GreenArrow Email Software Documentation

Clustering, HA, and Containerization

Does GreenArrow offer a reference architecture for deployment in cloud environments?

Yes. See our Kubernetes Reference Architecture.

Deploying a redundant MTA in the cloud is described in the GreenArrow Cluster documentation.

How can I achieve High Availability using GreenArrow?

GreenArrow itself is incredibly reliable and robust, and can be used to build a robust cluster.

For a High Availability cluster, see our Cluster Architecture or Kubernetes Reference Architecture for how to build a no-single-point-of-failure, horizontally scalable cluster.

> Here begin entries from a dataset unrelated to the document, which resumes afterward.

Definition l2_linear (P : cseq -> cseq) : Prop :=
  (forall f, inl2 f -> inl2 (P f)) /\
  (forall f g, inl2 f -> inl2 g -> P (f \+ g) = P f \+ P g) /\
  (forall (c : R[i]) f, inl2 f -> P (fun k => c * f k) = (fun k => c * P f k)).

Definition rank_le (P : cseq -> cseq) (n : nat) : Prop :=
  exists g : 'I_n -> cseq, (forall i, inl2 (g i)) /\
    forall f, inl2 f -> exists c : 'I_n -> R[i],
      P f = (fun k => \sum_(i < n) c i * g i k).

Definition opnorm (T : cseq -> cseq) : \bar R :=
  ereal_sup [set poweR (sqnorm (T f)) (2^-1) | f in [set f | inl2 f /\ (sqnorm f <= 1)%E]].

(* approximation numbers: approx_num T n = a_{n+1}(T)
   = inf { ||T - P|| : P linear with rank <= n } *)
Definition approx_num (T : cseq -> cseq) (n : nat) : \bar R :=
  ereal_inf [set opnorm (fun f => T f \- P f) | P in [set P | l2_linear P /\ rank_le P n]].

Definition sigma (alpha : cseq) (k : nat) : R :=
  Num.sqrt (\sum_(2 ^ k <= j < 2 ^ k.+1) (j.+1)%:R * cmod2 (alpha j)).

Definition lpnorm (p : R) (x : nat -> \bar R) : \bar R :=
  poweR (\sum_(0 <= k <oo) poweR (x k) p)%E p^-1.

End Defs.

From HB Require Import structures.
From mathcomp Require Import all_boot all_order all_algebra.
From mathcomp Require Import all_classical all_reals all_analysis.
From mathcomp Require Import complex.
From mathcomp Require Import ring lra zify.
Import Order.TTheory GRing.Theory Num.Theory.
Local Open Scope ring_scope.
Local Open Scope complex_scope.
(* The largest supercommutative quotient of $OSym$ is $R:=OSym/\langle o^2,[o,e_2]\rangle$ (with $o:=e_1$, $[a,b]=ab-ba$). Writing $\dot a$ for the image of $a\in OSym$ in $R$, one has $\dot e_{2r+1}=\dot e_{2r}\dot o$ and $\dot h_{2r+1}=\dot h_{2r}\dot o$ for all $r\ge0$, and there is an isomorphism of graded superalgebras $R\xrightarrow{\sim}Sym[c]$ sending $\dot o\mapsto c$, $(-1)^r\dot e_{2r}$ to the $r$-th elementary symmetric function, and $\dot h_{2r}$ to the $r$-th complete symmetric function.
   Context: $\Bbbk$ is an algebraically closed field of characteristic $\neq2$. $OSym$ is the graded superalgebra generated by $h_r$ ($r\ge1$) of degree $2r$ and parity $r\bmod2$ subject to (with $h_0:=1$, $r\ge0,s\ge1$): $h_rh_s=h_sh_r$ if $r\equiv s\pmod2$; $h_rh_s+(-1)^rh_sh_r=(-1)^rh_{r+1}h_{s-1}+h_{s-1}h_{r+1}$ if $r\not\equiv s\pmod2$. Define $e_r$ by $\sum_{s=0}^r(-1)^se_sh_{r-s}=\delta_{r,0}$. A graded superalgebra is supercommutative if $ab=(-1)^{\mathrm{par}(a)\mathrm{par}(b)}ba$ for homogeneous $a,b$. $Sym$ is the (ordinary) algebra of symmetric functions over $\Bbbk$, viewed as purely even with the $r$-th elementary and complete symmetric functions in degree $4r$; $Sym[c]$ is the supercommutative graded superalgebra obtained by adjoining an odd element $c$ of degree $2$ with $c^2=0$. *)

From HB Require Import structures.
From mathcomp Require Import all_boot all_order all_algebra.
Set Implicit Arguments. Unset Strict Implicit. Unset Printing Implicit Defensive.
Import Order.TTheory GRing.Theory Num.Theory.
Local Open Scope ring_scope.

Section Defs.
Variable K : fieldType.

(* The defining relations of OSym, for a family g (g r = image of h_r). *)
Definition OSym_rel (B : algType K) (g : nat -> B) : Prop :=
  g 0%N = 1 /\
  forall r s : nat, (0 < s)%N ->
    if odd r == odd s then g r * g s = g s * g r
    else g r * g s + (-1) ^+ r * (g s * g r)
         = (-1) ^+ r * (g r.+1 * g s.-1) + g s.-1 * g r.+1.

Definition is_OSym (A : algType K) (h : nat -> A) : Prop :=
  OSym_rel h /\
  forall (B : algType K) (g : nat -> B), OSym_rel g ->
    exists f : {lrmorphism A -> B}, (forall r, f (h r) = g r) /\
      forall f' : {lrmorphism A -> B}, (forall r, f' (h r) = g r) -> f' =1 f.

Definition OSym_deg (A : algType K) (h : nat -> A) (d : nat) (a : A) : Prop :=
  exists s : seq (K * seq nat),
    (forall x, x \in s -> (2 * sumn x.2)%N = d) /\
    a = \sum_(x <- s) x.1 *: \prod_(r <- x.2) h r.

Definition OSym_par (A : algType K) (h : nat -> A) (p : bool) (a : A) : Prop :=
  exists s : seq (K * seq nat),
    (forall x, x \in s -> odd (sumn x.2) = p) /\
    a = \sum_(x <- s) x.1 *: \prod_(r <- x.2) h r.

Definition scomm (A : algType K) (h : nat -> A) (x : A) : Prop :=
  exists (a b : A) (pa pb : bool), OSym_par h pa a /\ OSym_par h pb b /\
    x = a * b - (-1) ^+ (pa && pb) * (b * a).

Definition ideal_gen (A : algType K) (P : A -> Prop) (x : A) : Prop :=
  exists s : seq (A * A * A),
    (forall t, t \in s -> P t.1.2) /\
    x = \sum_(t <- s) t.1.1 * t.1.2 * t.2.

(* (S, e) is the algebra of symmetric functions, e r being the r-th
   elementary symmetric function (e 0 = 1): the free commutative algebra
   on the e r, r >= 1. *)
Definition is_Sym (S : comAlgType K) (e : nat -> S) : Prop :=
  e 0%N = 1 /\
  forall (B : comAlgType K) (b : nat -> B), b 0%N = 1 ->
    exists f : {lrmorphism S -> B}, (forall r, f (e r) = b r) /\
      forall f' : {lrmorphism S -> B}, (forall r, f' (e r) = b r) -> f' =1 f.

Definition Sym_deg (S : comAlgType K) (e : nat -> S) (d : nat) (x : S) : Prop :=
  exists s : seq (K * seq nat),
    (forall y, y \in s -> (4 * sumn y.2)%N = d) /\
    x = \sum_(y <- s) y.1 *: \prod_(r <- y.2) e r.

(* (T, iota, c) is Sym[c]: Sym with an (odd) element c adjoined, c^2 = 0.
   As Sym is purely even, Sym[c] is commutative; universal property. *)
Definition is_adjoin_c (S T : comAlgType K) (iota : {lrmorphism S -> T}) (c : T)
  : Prop :=
  c * c = 0 /\
  forall (B : comAlgType K) (f : {lrmorphism S -> B}) (d : B), d * d = 0 ->
    exists g : {lrmorphism T -> B},
      ((forall x, g (iota x) = f x) /\ g c = d) /\
      forall g' : {lrmorphism T -> B},
        (forall x, g' (iota x) = f x) -> g' c = d -> g' =1 g.

Definition SymC_deg (S T : comAlgType K) (e : nat -> S) (iota : {lrmorphism S -> T})
  (c : T) (d : nat) (t : T) : Prop :=
  exists s0 s1 : S, Sym_deg e d s0 /\ ((2 <= d)%N -> Sym_deg e (d - 2) s1) /\
    ((d < 2)%N -> s1 = 0) /\ t = iota s0 + iota s1 * c.

Definition SymC_par (S T : comAlgType K) (iota : {lrmorphism S -> T}) (c : T)
  (p : bool) (t : T) : Prop :=
  exists s : S, t = if p then iota s * c else iota s.

End Defs.

From HB Require Import structures.
From mathcomp Require Import all_boot all_order all_algebra.
From mathcomp Require Import boolp zify ring.
Import GRing.Theory.
Local Open Scope ring_scope.

Set Implicit Arguments. Unset Strict Implicit. Unset Printing Implicit Defensive.

(* Modulo J = <o^2, [o, e_2]>, with o = e_1 = h_1, the OSym relation for
   (r, s) = (2k, 1) reads 2 h_(2k+1) = h_(2k) o + o h_(2k), and the one for
   (1, 2k+4) propagates the commutation of o with h_(2k+2) to h_(2k+4).  Hence
   o commutes with every h_(2k), h_(2k+1) = h_(2k) o, and OSym/J is
   commutative.  Odd elements are then multiples of o, so all supercommutators
   lie in J; conversely o^2 (half of [o, o]) and [o, e_2] are
   supercommutators.  Sending h_(2k) to h_k and h_(2k+1) to h_k c respects the
   OSym relations in Sym[c], which gives phi : OSym -> Sym[c] killing J; the
   universal properties of Sym and Sym[c] give a map back to OSym/J with
   e_k |-> (-1)^k e_(2k) and c |-> o, and uniqueness of morphisms out of OSym
   and Sym[c] makes the two mutually inverse. *)

Section IdealGen.
Variables (K : fieldType) (A : algType K) (P : A -> Prop).
Local Notation I := (ideal_gen P).

Lemma ideal_gen0 : I 0.
Proof. by exists [::]; rewrite big_nil. Qed.

Lemma ideal_genD x y : I x -> I y -> I (x + y).
Proof.
move=> [s1 [P1 ->]] [s2 [P2 ->]]; exists (s1 ++ s2); rewrite big_cat; split=> // t.
by rewrite mem_cat => /orP[/P1|/P2].
Qed.

Lemma ideal_genMl a x : I x -> I (a * x).
Proof.
move=> [s [Ps ->]]; exists [seq (a * t.1.1, t.1.2, t.2) | t <- s]; split.
  by move=> t /mapP[u /Ps Pu ->].
by rewrite big_map mulr_sumr; apply: eq_bigr => t _; rewrite !mulrA.
Qed.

This Cluster Architecture includes Cooperative Throttling so that all of the MTAs in the cluster work together to achieve the cluster-wide throttle limits for max messages per hour and maximum concurrent connections. Because of this, the cluster can be auto-scaled, saving on costs.

The An interview with Klaviyo’s MTA team blog post describes how Klaviyo built a no-single-point of failure cluster on top of EC2, EBS, and Persistence Path Mode. This pre-dates the Cluster Architecture, Cooperative Throttling, and the Kubernetes Reference Architecture.

What is the failover process for moving queue data from one instance to another?

GreenArrow’s Instance Drain Feature can move queued messages to another instance. It can be pointed to a particular instance or to a load balancer in front of all of the MTA instances. This is used by the Cluster Architecture and Kubernetes Reference Architecture to remove nodes from the cluster.

GreenArrow’s Persistence Path Mode feature allows you to easily re-mount data from one instance into a new one. Many customers running GreenArrow in the cloud have the Persistence Path on an EBS volume (or similar), so that if the instance fails, it can be restarted and pick up where the last instance left off with all of the same configuration and queued data.

When in a cluster configuration, is there an awareness of the number of open connections per IP across multiple MTAs?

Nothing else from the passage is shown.